→ **Exercise data**
(* Core statement: if L = log c lies in the kernel of the Laplacian, then c
   is the scalar tr(c)/n. *)
Theorem ricci_fixed_point_scalar n m x y gamma c L :
  (0 < n)%coq_nat -> (1 <= m)%coq_nat -> Nat.gcd m n = 1%N ->
  Defs.hermitian n x -> Defs.hermitian n y ->
  is_exp2pi n x (umat n m) -> is_exp2pi n y (vmat n) -> is_log n c L ->
  Meq n (lap n x y L) Mzero -> Mtrace n c = RtoC (INR n * gamma) ->
  Meq n c (Mscal (RtoC gamma) Mid).
Proof.
move=> /ssrnat.ltP n_pos m_pos gcd_mn herm_x herm_y exp_x exp_y log_c lap0 tr_c.
pose i0 : 'I_n := Ordinal n_pos.
move/MeqP: lap0; rewrite toM_lap toM_zero => lapL.
have [commX commY] := laplacian_kernel (hermitian_toM herm_x)
  (hermitian_toM herm_y) (fcalc_real_hermitian log_c) lapL.
have commU := commute_fcalc exp_x commX.
have commV := commute_fcalc exp_y commY.
have Lscalar := commutant_uv i0 erefl m_pos gcd_mn commU commV.
have [e0 defc] := log_scalar i0 log_c Lscalar.
have <- := trace_scalar_eq n_pos defc tr_c.
by apply/MeqP; rewrite defc toM_scal toM_id scalemx1.
Qed.

End FixedPoint.

End RicciFixedPoint.

Theorem mainTheorem4 :
  forall (n m : nat),
    (2 <= n)%nat -> (1 <= m <= n - 1)%nat -> Nat.gcd m n = 1%nat ->
    forall (x y : Mat),
      hermitian n x -> hermitian n y ->
      is_exp2pi n x (umat n m) -> is_exp2pi n y (vmat n) ->
      forall (gamma : R), 0 < gamma ->
      forall (c L : Mat),
        strictly_positive n c ->
        is_log n c L ->
        Meq n (lap n x y L) Mzero ->
        Mtrace n c = RtoC (INR n * gamma) ->
        Meq n c (Mscal (RtoC gamma) Mid).
Proof.
intros n m n_ge2 [m_pos _] gcd_mn x y herm_x herm_y exp_x exp_y gamma _ c L _
  log_c lap0 tr_c.
exact (RicciFixedPoint.ricci_fixed_point_scalar n m x y gamma c L ltac:(lia)
  m_pos gcd_mn herm_x herm_y exp_x exp_y log_c lap0 tr_c).
Qed.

→ **Task item**
Extract from the data every line where "vmat" shows up.

→ **Answer**
  is_exp2pi n x (umat n m) -> is_exp2pi n y (vmat n) -> is_log n c L ->
      is_exp2pi n x (umat n m) -> is_exp2pi n y (vmat n) ->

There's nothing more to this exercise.